Print, exactly as they appear in the listing below, the lines from the line with "(forall c : 'I_n" to the line with "Local Open Scope ring_scope.", with both end lines kept.

------------------------------------------------------------

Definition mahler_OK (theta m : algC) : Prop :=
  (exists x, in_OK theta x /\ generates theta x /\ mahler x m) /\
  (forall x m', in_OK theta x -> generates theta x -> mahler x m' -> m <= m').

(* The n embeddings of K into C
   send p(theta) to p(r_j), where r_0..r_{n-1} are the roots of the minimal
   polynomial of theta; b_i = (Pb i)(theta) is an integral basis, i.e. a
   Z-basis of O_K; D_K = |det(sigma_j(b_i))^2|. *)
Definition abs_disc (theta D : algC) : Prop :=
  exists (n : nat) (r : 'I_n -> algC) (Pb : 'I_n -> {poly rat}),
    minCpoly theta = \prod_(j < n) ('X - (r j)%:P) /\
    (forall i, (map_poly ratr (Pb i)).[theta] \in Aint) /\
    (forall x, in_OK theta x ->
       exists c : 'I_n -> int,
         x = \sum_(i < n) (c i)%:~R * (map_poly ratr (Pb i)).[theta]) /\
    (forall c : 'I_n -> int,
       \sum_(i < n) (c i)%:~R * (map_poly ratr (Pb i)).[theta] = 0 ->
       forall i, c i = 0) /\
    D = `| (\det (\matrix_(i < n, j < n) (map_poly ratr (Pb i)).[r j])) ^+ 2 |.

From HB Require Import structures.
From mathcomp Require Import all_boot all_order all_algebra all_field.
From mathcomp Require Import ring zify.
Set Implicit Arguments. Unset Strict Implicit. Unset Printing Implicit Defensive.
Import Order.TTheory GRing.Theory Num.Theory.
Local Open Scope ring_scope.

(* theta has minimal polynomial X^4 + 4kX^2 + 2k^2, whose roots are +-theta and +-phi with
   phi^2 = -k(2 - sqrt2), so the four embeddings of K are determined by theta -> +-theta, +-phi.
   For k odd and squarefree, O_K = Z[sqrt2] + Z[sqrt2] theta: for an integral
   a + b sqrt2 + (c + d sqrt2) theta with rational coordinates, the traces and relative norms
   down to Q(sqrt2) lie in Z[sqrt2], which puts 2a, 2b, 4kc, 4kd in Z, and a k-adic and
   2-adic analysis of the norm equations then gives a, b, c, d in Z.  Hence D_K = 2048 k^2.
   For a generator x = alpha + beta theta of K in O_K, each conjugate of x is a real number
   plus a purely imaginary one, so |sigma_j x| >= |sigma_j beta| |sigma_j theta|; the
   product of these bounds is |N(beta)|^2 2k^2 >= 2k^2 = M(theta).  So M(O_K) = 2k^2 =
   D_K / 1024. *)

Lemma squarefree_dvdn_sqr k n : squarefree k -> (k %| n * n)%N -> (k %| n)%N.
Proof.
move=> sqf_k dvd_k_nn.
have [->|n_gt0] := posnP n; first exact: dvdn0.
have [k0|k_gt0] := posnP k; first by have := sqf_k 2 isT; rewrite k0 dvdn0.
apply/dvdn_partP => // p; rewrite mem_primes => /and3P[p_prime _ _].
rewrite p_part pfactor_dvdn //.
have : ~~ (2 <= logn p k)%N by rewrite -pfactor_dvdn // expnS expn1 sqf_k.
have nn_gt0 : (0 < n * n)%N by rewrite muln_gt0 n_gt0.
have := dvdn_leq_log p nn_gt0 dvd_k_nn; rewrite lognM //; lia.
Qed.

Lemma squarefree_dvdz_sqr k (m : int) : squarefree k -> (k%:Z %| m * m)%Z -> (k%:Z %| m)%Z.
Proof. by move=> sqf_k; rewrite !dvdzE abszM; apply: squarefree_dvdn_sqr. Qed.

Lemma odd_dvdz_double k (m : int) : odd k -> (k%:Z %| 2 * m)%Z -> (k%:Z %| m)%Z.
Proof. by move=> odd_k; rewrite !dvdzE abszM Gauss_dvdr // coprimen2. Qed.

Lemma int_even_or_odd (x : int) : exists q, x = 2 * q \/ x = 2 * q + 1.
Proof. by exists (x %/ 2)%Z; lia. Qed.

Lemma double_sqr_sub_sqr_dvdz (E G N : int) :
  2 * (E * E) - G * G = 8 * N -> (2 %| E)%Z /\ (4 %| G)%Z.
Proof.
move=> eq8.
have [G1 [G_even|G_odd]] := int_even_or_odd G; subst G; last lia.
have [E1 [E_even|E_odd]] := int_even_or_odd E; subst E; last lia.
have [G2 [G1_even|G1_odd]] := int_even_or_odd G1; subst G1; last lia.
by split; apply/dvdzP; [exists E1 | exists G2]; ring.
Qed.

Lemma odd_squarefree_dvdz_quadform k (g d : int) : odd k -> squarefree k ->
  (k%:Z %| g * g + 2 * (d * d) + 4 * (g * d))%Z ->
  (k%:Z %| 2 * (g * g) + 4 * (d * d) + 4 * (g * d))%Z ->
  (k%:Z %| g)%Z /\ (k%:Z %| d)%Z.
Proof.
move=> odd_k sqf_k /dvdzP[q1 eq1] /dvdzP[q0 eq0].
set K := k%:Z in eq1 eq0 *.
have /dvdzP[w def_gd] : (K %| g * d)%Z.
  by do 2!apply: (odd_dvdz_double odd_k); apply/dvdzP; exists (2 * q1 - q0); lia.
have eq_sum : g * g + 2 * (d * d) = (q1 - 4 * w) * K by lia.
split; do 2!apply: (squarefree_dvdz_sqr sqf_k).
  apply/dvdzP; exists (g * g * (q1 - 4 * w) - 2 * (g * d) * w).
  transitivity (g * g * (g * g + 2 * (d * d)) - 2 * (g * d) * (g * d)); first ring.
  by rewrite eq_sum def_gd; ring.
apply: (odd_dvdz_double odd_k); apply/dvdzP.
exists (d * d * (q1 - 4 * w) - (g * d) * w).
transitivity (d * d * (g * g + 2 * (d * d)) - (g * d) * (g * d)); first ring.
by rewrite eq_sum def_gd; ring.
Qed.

------------------------------------------------------------

--- Exercise answer ---
    (forall c : 'I_n -> int,
       \sum_(i < n) (c i)%:~R * (map_poly ratr (Pb i)).[theta] = 0 ->
       forall i, c i = 0) /\
    D = `| (\det (\matrix_(i < n, j < n) (map_poly ratr (Pb i)).[r j])) ^+ 2 |.

From HB Require Import structures.
From mathcomp Require Import all_boot all_order all_algebra all_field.
From mathcomp Require Import ring zify.
Set Implicit Arguments. Unset Strict Implicit. Unset Printing Implicit Defensive.
Import Order.TTheory GRing.Theory Num.Theory.
Local Open Scope ring_scope.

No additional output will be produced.